— RECORDS FOR PROCESSING —
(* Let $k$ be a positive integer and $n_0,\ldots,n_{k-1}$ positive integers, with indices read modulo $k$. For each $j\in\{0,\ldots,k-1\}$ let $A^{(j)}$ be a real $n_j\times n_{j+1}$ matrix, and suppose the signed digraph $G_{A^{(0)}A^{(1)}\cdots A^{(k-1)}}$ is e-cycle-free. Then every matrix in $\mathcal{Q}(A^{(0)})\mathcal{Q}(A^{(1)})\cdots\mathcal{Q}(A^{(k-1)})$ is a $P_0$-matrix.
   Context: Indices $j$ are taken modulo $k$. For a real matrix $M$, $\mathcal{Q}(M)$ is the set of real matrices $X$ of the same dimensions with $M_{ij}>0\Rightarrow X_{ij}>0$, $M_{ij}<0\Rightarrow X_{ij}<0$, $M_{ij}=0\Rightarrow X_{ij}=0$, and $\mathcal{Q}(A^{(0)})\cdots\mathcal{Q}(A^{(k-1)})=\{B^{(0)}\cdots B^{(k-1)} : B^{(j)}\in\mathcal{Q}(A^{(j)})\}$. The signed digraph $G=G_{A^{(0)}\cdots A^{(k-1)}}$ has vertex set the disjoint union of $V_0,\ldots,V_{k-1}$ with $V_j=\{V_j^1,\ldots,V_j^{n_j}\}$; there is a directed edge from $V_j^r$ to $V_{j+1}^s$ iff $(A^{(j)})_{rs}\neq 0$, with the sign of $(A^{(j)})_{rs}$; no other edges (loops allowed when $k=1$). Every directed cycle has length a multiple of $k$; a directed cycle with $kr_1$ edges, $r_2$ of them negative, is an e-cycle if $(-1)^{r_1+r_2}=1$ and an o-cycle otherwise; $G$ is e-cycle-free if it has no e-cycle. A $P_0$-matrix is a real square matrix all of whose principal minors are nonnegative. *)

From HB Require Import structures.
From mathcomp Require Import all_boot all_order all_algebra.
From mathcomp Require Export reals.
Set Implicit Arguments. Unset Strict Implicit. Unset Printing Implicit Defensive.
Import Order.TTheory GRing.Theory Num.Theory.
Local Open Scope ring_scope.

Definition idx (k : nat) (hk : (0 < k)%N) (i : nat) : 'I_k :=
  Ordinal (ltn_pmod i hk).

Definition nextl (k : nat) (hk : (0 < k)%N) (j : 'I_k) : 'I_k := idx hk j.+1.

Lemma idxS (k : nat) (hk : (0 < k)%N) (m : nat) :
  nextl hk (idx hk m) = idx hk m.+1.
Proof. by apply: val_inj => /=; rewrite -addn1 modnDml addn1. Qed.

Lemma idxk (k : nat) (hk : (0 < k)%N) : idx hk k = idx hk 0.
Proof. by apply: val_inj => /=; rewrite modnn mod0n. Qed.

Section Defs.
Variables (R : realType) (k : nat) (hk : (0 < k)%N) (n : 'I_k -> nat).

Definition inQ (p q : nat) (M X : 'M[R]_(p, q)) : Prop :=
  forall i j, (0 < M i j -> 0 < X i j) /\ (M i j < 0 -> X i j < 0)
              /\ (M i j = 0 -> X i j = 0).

— EXERCISE GOAL —
Find the word "apply" in the entries above. Copy every line that has it.

— REPLY —
Proof. by apply: val_inj => /=; rewrite -addn1 modnDml addn1. Qed.
Proof. by apply: val_inj => /=; rewrite modnn mod0n. Qed.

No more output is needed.